• EXERCISE DETAILS:
The entries below contain a stretch that opens with the line containing "From HB Require Import structures." and closes with the line containing "Local Open Scope ring_scope."; set down that stretch exactly, both ends included, and nothing else.

————

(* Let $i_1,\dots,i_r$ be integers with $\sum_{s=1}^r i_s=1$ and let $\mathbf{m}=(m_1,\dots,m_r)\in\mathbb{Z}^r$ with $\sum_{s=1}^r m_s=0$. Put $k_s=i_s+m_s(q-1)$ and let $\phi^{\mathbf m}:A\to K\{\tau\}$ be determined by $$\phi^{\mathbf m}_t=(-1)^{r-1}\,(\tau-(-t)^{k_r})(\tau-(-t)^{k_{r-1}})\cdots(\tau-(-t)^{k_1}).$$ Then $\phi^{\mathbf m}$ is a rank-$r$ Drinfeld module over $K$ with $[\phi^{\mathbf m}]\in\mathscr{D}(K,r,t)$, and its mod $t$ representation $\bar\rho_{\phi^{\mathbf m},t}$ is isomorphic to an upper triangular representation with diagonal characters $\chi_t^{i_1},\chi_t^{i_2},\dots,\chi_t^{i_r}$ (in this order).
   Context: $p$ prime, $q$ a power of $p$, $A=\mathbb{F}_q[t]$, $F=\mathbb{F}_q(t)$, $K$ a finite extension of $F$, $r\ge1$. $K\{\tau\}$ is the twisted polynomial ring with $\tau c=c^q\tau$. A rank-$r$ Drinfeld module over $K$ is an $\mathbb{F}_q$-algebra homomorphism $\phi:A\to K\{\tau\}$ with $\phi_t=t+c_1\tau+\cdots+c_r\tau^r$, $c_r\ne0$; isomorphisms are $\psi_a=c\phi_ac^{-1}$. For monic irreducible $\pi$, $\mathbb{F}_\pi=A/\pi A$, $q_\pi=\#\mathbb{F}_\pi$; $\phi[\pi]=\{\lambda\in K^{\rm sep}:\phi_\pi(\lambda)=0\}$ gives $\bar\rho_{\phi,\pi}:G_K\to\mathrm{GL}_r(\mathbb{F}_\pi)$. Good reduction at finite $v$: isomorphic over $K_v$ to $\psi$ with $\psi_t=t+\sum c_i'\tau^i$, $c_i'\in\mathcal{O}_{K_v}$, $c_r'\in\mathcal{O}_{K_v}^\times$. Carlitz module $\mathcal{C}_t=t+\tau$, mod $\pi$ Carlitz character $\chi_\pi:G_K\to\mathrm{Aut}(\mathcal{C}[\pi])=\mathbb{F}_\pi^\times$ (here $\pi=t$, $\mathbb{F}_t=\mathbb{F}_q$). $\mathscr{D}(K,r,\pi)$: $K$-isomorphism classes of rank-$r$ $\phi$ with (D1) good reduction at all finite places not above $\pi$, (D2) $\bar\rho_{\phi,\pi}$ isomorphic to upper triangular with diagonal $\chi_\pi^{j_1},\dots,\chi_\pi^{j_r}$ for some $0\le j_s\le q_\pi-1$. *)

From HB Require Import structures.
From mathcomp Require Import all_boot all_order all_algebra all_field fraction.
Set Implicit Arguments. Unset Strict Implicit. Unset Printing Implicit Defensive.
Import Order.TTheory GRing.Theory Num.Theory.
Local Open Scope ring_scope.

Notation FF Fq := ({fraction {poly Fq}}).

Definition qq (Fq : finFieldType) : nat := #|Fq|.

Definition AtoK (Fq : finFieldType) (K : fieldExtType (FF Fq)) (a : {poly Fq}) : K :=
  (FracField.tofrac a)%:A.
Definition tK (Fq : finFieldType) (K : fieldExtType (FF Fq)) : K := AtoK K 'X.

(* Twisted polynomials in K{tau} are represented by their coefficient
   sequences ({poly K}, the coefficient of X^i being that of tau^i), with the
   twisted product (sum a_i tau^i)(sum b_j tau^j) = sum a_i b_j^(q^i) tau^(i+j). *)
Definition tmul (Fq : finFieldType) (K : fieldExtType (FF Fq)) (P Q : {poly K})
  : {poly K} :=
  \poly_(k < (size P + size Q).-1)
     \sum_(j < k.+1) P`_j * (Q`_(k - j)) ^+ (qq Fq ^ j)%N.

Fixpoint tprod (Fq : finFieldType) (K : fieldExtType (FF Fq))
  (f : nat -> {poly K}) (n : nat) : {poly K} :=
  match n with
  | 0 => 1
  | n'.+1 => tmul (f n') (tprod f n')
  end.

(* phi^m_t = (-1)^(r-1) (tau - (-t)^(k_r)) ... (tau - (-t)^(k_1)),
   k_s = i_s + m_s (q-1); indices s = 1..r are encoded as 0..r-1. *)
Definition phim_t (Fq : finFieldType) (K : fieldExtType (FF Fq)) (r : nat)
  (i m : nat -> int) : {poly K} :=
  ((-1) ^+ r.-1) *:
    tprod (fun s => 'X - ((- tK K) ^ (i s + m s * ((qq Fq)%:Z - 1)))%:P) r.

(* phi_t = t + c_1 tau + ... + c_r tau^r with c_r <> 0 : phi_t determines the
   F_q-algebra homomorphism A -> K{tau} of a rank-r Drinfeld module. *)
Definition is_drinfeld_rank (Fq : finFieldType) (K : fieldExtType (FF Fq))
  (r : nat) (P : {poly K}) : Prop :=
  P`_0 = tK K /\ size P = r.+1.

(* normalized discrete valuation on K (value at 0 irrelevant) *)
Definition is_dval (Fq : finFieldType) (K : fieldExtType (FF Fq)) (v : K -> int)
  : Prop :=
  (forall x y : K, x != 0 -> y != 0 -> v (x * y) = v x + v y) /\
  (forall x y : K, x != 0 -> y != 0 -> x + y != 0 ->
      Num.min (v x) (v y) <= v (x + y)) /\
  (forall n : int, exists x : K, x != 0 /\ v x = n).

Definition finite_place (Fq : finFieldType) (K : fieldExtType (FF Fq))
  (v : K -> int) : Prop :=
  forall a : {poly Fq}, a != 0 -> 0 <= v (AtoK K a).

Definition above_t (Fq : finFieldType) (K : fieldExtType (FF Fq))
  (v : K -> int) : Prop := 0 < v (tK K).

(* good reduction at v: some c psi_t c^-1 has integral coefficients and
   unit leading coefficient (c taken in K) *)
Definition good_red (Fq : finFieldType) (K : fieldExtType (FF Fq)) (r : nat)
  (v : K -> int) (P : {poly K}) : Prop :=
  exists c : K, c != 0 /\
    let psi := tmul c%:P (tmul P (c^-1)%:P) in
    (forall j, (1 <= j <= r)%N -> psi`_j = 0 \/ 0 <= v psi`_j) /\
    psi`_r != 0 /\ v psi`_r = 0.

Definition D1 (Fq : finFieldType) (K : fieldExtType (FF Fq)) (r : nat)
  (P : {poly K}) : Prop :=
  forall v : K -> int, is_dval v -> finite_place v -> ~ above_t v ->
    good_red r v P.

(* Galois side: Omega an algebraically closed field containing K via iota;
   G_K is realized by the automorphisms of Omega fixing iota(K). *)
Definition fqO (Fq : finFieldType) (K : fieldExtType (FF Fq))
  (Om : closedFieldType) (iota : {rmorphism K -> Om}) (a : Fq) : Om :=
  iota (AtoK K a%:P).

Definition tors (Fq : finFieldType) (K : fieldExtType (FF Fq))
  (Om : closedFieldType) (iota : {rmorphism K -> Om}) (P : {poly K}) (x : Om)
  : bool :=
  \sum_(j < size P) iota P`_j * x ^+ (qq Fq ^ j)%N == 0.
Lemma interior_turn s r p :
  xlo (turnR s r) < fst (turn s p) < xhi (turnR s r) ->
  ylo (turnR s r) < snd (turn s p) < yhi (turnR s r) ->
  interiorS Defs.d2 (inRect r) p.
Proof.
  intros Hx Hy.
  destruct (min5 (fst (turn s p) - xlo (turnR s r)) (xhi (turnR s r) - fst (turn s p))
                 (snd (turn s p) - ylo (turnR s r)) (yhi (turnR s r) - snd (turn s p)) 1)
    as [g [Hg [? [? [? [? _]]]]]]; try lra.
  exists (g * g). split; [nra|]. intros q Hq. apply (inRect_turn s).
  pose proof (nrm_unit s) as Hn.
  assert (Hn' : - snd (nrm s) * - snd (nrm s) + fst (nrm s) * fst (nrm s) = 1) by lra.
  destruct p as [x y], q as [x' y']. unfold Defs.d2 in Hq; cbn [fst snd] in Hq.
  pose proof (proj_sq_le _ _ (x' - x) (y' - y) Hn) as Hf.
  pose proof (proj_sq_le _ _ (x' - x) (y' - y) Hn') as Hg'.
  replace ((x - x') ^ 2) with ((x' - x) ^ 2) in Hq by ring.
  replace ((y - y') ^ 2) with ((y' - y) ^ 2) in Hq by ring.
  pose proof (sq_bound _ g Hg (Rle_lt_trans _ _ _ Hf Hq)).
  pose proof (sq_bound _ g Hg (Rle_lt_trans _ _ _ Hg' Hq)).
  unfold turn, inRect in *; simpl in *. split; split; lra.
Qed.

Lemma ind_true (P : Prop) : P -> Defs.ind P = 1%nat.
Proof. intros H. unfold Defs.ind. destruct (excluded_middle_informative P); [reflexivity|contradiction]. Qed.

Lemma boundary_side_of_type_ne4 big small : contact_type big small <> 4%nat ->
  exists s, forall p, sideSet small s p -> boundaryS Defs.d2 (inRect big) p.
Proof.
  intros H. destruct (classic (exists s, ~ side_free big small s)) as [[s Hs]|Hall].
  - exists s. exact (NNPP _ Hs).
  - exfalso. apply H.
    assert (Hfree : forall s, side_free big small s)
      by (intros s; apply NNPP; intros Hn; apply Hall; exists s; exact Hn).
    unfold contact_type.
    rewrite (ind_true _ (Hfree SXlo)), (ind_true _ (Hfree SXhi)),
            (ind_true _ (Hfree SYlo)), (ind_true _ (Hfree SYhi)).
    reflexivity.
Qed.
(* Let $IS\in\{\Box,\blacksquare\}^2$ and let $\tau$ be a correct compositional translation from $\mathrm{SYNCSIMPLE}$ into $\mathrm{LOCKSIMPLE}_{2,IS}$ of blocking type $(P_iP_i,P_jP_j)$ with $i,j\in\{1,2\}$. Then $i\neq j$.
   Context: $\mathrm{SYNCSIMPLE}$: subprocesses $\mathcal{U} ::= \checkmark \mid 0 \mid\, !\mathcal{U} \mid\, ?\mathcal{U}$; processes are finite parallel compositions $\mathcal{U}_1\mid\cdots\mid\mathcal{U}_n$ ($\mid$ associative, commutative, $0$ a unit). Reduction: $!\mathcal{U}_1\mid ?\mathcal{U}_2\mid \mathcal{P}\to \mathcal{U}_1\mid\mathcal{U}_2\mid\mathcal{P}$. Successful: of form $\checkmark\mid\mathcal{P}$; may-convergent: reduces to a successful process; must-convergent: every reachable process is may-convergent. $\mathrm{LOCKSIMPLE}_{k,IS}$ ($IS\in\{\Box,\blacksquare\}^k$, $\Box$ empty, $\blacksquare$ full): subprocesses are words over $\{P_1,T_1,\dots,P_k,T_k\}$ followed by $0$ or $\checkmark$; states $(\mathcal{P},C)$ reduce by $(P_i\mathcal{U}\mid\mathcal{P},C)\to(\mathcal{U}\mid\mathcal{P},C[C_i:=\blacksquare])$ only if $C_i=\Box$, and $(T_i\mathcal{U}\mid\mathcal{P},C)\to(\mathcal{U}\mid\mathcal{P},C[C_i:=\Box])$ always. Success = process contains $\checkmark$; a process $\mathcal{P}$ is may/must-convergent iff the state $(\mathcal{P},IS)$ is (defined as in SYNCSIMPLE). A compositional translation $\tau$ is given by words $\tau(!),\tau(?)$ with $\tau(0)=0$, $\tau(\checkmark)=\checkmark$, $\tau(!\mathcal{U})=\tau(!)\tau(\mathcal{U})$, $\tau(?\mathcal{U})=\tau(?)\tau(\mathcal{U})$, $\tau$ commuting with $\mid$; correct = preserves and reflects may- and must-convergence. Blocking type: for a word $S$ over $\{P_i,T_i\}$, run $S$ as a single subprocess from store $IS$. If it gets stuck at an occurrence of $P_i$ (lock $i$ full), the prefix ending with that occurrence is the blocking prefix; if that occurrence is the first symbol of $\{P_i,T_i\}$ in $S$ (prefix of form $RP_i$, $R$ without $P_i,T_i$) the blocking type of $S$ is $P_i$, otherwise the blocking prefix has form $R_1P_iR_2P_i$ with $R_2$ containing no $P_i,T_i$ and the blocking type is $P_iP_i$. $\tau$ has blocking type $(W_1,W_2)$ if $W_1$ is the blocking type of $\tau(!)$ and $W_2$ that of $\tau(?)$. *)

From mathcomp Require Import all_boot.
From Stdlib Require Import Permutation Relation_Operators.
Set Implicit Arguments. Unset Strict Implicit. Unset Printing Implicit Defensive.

————

• YOUR SOLUTION:
From HB Require Import structures.
From mathcomp Require Import all_boot all_order all_algebra all_field fraction.
Set Implicit Arguments. Unset Strict Implicit. Unset Printing Implicit Defensive.
Import Order.TTheory GRing.Theory Num.Theory.
Local Open Scope ring_scope.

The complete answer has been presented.